Scan the records below for the line with "admissible W -> mulmv" and the line with "cbv [mulmv Amat RC". Repeat those two lines and every line between them exactly, and nothing else.

[Saved data entries]
+---+
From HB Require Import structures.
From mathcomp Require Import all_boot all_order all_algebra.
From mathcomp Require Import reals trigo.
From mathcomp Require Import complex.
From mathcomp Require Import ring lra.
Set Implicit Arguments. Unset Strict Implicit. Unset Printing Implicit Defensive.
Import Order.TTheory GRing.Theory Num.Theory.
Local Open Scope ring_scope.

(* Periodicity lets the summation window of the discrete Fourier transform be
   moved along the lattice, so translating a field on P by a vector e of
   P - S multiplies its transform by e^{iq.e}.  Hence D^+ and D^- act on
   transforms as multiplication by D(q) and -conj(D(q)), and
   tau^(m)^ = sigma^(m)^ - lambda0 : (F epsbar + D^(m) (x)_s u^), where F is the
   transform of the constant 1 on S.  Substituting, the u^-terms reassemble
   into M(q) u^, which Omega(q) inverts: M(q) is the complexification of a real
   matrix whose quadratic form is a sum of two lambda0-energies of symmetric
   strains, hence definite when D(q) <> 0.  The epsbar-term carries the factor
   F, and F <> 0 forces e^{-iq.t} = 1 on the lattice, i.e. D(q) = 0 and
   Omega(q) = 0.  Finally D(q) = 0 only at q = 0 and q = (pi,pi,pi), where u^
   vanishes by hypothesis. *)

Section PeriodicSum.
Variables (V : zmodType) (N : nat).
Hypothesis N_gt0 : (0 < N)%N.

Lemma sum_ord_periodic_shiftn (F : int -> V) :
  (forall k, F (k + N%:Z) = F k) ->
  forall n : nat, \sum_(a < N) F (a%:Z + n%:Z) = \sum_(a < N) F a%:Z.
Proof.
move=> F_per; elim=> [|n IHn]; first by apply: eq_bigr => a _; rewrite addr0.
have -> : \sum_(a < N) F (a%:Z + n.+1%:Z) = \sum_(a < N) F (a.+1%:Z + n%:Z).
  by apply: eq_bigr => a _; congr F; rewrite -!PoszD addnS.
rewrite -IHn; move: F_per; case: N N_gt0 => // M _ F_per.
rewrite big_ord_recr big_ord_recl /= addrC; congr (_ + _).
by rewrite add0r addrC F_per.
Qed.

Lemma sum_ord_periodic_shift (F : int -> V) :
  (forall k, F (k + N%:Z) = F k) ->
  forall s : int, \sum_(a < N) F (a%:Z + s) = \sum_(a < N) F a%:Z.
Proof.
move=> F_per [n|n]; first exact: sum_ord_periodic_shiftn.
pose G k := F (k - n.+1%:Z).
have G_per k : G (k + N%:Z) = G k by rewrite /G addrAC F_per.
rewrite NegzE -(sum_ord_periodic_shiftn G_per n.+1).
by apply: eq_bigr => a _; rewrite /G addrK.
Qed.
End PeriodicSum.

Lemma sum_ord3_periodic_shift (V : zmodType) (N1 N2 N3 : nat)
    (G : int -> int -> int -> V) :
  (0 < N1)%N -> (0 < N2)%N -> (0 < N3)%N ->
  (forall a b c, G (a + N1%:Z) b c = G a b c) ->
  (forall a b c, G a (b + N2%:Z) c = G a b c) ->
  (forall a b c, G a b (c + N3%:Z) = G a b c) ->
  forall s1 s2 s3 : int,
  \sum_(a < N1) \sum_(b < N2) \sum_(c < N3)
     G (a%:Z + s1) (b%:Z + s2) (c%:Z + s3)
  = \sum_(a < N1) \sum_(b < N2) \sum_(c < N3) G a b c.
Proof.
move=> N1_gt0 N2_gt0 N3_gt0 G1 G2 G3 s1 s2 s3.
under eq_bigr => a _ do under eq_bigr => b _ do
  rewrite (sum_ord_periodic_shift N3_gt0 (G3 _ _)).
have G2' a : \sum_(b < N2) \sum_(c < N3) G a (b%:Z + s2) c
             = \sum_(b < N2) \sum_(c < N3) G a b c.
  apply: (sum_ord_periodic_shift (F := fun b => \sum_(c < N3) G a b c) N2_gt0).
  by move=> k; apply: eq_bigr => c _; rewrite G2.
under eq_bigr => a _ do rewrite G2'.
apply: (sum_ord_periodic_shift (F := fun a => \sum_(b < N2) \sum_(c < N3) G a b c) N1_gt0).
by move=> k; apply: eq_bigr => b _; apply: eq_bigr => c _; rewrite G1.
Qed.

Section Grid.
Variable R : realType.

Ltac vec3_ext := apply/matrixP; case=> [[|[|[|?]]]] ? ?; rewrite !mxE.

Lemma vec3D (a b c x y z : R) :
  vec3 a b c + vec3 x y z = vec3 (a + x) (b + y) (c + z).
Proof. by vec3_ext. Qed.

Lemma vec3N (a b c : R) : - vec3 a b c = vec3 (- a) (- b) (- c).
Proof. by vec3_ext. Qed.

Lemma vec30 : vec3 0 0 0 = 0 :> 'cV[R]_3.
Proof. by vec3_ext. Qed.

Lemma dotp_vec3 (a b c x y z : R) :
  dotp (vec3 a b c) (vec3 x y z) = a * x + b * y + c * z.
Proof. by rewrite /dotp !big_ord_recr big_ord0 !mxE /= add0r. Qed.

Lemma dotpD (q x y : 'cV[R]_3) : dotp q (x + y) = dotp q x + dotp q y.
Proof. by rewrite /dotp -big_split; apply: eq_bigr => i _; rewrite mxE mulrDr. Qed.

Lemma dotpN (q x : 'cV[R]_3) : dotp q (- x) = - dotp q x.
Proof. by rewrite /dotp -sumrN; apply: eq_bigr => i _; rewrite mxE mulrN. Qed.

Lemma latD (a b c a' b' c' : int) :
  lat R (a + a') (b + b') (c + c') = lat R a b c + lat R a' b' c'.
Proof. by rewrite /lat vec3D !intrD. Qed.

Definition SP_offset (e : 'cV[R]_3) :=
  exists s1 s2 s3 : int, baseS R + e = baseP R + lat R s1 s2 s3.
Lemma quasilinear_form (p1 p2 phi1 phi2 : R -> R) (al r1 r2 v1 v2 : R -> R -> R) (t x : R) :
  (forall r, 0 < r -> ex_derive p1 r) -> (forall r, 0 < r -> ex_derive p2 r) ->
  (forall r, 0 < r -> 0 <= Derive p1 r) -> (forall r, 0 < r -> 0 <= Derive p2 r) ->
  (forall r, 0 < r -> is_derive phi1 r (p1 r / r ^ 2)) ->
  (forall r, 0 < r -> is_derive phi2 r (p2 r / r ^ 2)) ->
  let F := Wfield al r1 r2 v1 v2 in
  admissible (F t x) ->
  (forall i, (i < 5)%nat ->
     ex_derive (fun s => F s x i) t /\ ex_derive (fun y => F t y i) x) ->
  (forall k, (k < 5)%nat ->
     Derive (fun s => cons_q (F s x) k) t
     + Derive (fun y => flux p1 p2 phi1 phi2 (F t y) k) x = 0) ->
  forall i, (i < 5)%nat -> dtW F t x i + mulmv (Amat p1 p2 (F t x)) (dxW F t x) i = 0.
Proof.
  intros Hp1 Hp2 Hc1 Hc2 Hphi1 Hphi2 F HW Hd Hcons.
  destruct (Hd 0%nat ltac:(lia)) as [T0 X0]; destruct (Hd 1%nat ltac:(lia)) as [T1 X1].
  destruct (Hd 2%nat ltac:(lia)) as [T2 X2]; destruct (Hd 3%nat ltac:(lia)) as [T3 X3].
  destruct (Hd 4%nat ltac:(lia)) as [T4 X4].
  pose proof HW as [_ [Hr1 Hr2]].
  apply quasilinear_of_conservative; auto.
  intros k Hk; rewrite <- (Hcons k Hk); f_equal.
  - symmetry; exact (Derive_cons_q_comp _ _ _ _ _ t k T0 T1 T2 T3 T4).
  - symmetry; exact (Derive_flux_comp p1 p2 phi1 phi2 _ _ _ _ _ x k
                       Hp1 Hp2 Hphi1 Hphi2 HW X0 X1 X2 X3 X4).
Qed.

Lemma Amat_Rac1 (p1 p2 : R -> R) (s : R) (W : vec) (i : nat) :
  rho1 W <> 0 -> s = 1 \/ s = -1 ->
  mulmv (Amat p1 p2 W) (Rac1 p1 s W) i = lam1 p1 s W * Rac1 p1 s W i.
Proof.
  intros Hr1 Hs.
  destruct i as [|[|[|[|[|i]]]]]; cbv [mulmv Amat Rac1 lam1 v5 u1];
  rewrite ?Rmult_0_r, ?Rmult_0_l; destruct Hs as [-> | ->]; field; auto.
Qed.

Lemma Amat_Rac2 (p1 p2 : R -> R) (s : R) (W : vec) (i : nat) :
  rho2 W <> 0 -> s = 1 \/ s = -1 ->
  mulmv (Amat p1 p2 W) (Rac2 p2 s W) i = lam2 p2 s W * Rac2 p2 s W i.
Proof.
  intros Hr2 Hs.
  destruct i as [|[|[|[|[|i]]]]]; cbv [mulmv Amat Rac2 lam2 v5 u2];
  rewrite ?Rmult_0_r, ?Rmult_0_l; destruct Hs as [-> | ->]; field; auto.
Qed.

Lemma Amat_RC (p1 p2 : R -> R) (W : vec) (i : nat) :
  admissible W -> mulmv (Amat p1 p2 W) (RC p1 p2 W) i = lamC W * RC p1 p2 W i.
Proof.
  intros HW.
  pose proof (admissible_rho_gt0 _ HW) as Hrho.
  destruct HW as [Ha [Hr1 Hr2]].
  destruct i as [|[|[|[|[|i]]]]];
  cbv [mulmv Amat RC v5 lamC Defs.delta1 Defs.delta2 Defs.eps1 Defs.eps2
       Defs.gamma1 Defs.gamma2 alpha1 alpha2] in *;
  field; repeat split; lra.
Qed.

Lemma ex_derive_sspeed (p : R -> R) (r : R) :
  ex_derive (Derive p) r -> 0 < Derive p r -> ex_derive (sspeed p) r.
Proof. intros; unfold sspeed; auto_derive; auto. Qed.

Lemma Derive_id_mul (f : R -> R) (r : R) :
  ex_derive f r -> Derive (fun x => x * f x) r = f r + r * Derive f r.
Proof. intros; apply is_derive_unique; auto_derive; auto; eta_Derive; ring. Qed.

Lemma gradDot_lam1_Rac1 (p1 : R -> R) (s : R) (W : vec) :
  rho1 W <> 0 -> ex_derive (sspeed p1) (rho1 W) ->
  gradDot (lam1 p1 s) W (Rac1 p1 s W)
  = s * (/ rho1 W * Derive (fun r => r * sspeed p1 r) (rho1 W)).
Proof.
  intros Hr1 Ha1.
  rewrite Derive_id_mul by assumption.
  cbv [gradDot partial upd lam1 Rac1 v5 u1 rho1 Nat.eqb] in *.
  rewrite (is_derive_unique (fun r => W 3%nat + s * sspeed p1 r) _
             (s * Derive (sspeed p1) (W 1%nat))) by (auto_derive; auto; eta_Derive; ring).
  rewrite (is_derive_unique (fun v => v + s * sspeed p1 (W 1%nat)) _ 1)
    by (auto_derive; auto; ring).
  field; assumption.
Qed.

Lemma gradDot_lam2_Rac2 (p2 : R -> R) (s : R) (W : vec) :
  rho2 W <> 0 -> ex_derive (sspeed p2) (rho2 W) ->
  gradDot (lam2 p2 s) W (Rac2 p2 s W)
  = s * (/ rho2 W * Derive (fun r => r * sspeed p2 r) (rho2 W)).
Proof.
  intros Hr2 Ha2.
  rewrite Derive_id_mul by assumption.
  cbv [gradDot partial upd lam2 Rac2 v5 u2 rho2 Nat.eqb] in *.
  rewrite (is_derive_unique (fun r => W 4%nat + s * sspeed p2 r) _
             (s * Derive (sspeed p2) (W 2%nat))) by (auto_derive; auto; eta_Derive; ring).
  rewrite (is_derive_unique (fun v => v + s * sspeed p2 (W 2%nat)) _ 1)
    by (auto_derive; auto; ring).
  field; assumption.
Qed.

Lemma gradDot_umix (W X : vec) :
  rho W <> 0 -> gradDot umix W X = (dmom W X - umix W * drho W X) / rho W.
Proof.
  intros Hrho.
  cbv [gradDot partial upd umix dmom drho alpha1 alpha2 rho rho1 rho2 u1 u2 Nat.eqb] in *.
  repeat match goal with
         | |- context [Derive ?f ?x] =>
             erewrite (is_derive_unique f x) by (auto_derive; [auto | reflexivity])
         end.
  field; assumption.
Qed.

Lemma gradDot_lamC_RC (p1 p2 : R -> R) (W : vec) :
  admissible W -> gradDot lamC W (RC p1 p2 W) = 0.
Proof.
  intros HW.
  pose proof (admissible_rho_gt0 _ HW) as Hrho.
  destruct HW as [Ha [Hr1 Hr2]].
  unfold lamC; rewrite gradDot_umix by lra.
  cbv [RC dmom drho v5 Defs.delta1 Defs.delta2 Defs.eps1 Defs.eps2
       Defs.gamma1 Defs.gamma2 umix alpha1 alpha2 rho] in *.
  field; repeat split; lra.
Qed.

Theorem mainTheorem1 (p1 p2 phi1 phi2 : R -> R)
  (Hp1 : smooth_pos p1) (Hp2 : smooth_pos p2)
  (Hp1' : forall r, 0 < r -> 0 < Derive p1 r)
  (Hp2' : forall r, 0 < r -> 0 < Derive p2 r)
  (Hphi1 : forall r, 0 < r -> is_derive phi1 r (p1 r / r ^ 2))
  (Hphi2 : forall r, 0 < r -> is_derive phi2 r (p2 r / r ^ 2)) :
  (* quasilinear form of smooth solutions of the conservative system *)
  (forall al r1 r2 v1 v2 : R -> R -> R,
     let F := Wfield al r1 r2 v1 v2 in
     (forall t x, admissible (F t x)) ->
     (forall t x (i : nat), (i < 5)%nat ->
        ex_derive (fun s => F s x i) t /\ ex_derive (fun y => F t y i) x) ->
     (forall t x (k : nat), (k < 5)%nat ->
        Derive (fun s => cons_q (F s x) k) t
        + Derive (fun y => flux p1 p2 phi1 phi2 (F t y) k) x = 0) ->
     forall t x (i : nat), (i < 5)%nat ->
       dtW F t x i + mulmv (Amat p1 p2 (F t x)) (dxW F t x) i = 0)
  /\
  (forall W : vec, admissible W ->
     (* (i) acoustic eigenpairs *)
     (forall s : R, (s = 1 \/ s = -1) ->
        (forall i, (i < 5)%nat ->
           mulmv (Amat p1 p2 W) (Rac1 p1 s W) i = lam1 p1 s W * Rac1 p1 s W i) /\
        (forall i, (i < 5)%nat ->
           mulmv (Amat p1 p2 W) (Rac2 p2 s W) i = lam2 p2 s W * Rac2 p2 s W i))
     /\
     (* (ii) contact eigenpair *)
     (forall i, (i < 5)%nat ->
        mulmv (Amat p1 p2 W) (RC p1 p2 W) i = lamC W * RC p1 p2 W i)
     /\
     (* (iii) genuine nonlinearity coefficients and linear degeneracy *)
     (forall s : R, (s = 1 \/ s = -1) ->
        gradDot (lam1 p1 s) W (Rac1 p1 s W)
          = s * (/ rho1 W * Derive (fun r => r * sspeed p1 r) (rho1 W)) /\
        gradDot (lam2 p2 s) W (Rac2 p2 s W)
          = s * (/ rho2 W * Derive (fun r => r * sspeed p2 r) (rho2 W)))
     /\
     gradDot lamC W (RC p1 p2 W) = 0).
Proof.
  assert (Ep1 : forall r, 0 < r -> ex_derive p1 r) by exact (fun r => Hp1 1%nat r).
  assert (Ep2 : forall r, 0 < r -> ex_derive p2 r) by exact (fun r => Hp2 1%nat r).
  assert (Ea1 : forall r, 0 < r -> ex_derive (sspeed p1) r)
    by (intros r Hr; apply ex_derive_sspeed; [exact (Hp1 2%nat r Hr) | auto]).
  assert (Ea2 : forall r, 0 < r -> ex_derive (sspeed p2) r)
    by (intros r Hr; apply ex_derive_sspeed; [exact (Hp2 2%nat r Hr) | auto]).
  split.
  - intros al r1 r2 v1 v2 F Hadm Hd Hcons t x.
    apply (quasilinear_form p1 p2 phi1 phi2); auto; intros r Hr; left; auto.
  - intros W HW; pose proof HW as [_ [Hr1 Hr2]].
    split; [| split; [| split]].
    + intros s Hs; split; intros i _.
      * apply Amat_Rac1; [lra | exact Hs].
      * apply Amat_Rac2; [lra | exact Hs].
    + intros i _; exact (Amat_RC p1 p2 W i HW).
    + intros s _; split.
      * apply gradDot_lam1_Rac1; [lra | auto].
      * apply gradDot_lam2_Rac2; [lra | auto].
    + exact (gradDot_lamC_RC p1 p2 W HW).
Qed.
+---+
_Solution for this exercise_
  admissible W -> mulmv (Amat p1 p2 W) (RC p1 p2 W) i = lamC W * RC p1 p2 W i.
Proof.
  intros HW.
  pose proof (admissible_rho_gt0 _ HW) as Hrho.
  destruct HW as [Ha [Hr1 Hr2]].
  destruct i as [|[|[|[|[|i]]]]];
  cbv [mulmv Amat RC v5 lamC Defs.delta1 Defs.delta2 Defs.eps1 Defs.eps2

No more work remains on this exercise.